::: Data excerpts
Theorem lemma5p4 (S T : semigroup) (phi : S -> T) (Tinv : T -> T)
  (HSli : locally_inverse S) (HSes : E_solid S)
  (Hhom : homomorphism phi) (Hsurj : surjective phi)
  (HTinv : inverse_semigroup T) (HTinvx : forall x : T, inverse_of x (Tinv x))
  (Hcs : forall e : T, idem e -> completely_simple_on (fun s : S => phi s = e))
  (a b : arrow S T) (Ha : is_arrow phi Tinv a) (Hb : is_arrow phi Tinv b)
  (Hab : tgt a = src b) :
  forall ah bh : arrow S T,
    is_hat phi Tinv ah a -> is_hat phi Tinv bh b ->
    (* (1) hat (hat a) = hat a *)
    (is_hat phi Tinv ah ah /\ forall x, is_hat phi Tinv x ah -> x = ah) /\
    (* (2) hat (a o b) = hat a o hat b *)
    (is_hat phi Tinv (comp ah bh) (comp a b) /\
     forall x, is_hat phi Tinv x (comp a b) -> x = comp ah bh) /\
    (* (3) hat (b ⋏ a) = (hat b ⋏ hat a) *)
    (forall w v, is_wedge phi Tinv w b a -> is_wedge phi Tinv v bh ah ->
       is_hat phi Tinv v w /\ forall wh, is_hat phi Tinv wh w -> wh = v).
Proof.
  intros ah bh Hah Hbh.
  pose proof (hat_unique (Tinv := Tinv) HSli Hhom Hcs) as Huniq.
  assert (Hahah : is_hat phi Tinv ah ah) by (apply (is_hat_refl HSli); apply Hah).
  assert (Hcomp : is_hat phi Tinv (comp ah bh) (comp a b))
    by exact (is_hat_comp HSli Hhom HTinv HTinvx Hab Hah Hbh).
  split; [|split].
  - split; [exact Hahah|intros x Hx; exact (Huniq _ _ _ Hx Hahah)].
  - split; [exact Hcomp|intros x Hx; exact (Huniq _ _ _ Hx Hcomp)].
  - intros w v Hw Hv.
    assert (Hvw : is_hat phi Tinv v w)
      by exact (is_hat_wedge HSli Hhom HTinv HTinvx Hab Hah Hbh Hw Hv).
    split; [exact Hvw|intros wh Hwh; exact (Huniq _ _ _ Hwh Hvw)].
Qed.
::::::
::: Data excerpts
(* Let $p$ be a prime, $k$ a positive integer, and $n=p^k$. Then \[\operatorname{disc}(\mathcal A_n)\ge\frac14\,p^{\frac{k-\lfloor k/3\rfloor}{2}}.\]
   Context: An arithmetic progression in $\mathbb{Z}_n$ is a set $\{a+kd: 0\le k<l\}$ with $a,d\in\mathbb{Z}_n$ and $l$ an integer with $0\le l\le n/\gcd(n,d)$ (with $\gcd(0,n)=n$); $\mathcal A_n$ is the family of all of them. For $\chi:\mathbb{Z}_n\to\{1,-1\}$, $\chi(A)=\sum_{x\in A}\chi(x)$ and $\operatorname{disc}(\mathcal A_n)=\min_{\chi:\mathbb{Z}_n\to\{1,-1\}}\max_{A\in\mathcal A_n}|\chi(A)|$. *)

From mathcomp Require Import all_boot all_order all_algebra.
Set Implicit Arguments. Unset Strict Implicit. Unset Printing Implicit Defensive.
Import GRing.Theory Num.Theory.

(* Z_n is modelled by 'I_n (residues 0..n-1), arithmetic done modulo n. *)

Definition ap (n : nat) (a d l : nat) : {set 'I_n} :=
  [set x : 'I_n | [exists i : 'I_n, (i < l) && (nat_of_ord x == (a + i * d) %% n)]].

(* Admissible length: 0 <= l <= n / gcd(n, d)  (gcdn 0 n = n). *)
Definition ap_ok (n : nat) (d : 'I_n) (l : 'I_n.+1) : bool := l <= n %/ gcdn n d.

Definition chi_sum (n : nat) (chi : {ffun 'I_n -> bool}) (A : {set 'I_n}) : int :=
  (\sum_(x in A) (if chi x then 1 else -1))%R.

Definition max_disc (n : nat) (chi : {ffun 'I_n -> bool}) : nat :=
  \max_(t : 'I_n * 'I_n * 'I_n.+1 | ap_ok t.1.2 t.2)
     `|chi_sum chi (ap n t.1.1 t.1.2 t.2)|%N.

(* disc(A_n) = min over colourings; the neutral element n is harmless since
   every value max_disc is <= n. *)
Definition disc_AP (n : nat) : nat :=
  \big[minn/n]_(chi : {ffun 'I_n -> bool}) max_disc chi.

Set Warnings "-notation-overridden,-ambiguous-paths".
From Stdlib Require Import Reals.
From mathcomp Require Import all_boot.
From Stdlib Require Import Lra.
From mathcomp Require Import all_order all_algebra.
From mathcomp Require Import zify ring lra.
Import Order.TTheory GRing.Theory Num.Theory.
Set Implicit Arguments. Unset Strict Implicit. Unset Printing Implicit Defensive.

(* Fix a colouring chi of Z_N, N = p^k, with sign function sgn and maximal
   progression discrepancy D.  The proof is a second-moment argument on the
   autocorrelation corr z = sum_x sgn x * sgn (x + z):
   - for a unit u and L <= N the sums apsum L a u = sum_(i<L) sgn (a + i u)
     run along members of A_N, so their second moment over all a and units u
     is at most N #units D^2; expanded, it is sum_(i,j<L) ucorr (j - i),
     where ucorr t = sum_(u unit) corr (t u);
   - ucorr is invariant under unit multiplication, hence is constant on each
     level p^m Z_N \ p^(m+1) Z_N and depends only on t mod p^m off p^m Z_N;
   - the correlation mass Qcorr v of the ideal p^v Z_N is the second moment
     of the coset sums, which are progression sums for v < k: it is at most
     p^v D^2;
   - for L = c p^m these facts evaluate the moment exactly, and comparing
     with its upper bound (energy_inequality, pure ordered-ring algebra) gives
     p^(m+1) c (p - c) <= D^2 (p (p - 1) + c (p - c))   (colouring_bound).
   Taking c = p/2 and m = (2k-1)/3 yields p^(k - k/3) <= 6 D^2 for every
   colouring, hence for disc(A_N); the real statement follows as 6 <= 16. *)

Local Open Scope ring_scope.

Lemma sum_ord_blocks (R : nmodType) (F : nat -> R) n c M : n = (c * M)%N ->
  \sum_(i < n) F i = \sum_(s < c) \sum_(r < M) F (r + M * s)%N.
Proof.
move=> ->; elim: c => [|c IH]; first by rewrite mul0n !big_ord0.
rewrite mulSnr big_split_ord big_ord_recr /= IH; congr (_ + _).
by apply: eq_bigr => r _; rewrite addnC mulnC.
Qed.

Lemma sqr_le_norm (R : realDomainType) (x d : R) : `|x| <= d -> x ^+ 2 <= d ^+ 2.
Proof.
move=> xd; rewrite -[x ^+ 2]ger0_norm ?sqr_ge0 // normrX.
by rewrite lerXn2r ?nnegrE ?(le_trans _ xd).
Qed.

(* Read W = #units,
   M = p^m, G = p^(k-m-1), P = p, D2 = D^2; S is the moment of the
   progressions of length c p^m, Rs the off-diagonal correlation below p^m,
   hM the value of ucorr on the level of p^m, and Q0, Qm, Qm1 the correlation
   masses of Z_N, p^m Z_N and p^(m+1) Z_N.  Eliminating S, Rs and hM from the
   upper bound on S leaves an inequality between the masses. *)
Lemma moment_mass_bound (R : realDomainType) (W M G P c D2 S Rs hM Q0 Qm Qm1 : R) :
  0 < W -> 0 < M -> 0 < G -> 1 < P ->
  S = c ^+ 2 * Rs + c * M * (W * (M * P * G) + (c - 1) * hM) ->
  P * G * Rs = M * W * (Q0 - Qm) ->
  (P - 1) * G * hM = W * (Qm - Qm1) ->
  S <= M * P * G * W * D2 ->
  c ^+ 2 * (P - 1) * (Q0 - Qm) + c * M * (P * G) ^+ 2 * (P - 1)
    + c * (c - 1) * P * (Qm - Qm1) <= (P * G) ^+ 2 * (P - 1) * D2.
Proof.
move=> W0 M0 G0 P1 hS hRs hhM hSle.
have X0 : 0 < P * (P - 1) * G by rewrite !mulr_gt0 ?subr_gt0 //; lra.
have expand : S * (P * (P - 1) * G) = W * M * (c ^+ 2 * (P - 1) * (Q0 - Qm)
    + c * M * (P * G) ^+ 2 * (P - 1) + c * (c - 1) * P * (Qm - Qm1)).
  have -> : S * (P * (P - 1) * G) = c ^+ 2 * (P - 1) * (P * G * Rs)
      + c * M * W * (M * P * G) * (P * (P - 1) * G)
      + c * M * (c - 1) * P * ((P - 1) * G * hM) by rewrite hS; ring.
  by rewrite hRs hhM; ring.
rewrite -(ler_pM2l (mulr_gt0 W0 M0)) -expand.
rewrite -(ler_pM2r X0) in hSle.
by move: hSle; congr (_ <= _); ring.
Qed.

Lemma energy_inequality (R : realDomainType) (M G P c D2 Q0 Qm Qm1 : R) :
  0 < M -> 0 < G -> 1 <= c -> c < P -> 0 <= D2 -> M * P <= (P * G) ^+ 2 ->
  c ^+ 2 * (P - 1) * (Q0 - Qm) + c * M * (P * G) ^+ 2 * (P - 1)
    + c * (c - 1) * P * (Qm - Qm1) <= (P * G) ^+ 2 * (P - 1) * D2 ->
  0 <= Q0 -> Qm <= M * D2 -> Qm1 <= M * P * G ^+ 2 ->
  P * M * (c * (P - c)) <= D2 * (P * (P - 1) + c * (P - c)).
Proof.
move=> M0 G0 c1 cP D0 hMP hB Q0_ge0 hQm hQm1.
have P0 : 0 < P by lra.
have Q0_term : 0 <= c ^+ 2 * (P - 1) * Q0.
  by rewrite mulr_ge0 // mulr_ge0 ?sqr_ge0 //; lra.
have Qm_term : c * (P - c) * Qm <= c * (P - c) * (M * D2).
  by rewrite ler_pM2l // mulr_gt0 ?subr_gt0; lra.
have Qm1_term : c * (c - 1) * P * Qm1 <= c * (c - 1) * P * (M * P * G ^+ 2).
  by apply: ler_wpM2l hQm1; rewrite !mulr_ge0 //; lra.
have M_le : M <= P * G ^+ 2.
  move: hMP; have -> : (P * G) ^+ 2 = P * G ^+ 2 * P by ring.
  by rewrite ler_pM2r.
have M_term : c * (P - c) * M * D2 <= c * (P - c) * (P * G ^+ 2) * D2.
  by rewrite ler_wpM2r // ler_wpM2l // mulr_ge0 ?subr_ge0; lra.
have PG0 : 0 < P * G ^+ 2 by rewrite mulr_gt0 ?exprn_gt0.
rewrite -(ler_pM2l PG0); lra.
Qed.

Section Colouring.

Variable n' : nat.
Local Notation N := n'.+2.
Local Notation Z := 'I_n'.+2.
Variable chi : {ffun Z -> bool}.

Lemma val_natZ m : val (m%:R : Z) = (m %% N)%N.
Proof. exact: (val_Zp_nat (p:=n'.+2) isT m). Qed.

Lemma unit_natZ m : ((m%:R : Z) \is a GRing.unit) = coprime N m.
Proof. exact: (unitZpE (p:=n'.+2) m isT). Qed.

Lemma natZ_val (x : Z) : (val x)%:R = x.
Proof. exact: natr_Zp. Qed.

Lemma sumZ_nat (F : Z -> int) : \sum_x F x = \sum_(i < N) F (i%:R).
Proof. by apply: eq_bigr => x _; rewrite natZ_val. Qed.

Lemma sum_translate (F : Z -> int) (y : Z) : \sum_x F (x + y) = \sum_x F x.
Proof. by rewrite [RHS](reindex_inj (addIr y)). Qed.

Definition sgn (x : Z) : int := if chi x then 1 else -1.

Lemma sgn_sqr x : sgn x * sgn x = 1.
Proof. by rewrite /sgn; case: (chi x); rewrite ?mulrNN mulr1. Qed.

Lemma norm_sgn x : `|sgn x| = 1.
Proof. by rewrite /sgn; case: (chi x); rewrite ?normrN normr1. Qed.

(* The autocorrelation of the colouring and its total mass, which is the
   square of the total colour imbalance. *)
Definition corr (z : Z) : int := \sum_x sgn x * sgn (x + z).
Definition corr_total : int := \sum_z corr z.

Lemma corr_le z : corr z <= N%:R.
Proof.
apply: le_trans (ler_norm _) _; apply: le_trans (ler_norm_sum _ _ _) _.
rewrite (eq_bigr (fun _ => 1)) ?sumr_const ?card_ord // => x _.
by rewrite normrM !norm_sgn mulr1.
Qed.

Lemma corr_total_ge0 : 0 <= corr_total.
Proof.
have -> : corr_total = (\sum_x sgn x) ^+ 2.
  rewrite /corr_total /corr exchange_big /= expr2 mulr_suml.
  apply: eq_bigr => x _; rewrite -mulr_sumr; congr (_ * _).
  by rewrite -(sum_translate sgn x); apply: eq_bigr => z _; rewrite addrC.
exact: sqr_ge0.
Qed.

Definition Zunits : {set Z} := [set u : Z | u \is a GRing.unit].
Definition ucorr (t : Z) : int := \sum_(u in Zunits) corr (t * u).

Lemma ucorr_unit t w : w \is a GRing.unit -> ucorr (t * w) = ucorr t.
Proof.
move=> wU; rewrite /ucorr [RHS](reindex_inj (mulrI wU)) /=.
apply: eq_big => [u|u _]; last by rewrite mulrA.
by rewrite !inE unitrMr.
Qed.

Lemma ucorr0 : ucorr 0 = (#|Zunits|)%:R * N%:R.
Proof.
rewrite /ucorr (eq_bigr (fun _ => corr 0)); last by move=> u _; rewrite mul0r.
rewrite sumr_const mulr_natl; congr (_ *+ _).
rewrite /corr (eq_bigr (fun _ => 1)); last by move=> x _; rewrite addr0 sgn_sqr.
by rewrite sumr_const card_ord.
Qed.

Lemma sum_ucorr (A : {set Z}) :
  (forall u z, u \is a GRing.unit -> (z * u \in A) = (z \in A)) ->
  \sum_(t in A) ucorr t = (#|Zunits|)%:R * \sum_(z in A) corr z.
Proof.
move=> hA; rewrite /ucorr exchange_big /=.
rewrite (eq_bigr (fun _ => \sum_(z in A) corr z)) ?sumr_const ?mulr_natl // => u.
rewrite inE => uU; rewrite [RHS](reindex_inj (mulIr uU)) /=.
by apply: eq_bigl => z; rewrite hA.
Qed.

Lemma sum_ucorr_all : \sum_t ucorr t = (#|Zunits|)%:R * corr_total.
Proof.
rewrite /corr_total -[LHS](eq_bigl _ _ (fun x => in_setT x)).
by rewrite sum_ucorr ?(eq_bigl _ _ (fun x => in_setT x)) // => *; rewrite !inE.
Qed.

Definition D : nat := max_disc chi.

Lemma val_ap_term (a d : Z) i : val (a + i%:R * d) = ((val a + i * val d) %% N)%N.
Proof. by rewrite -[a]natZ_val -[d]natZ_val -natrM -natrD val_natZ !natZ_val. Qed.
::::::
▸ What you are asked to do
A single number is required: how many lines in these records contain "case".

▸ Exercise solution
2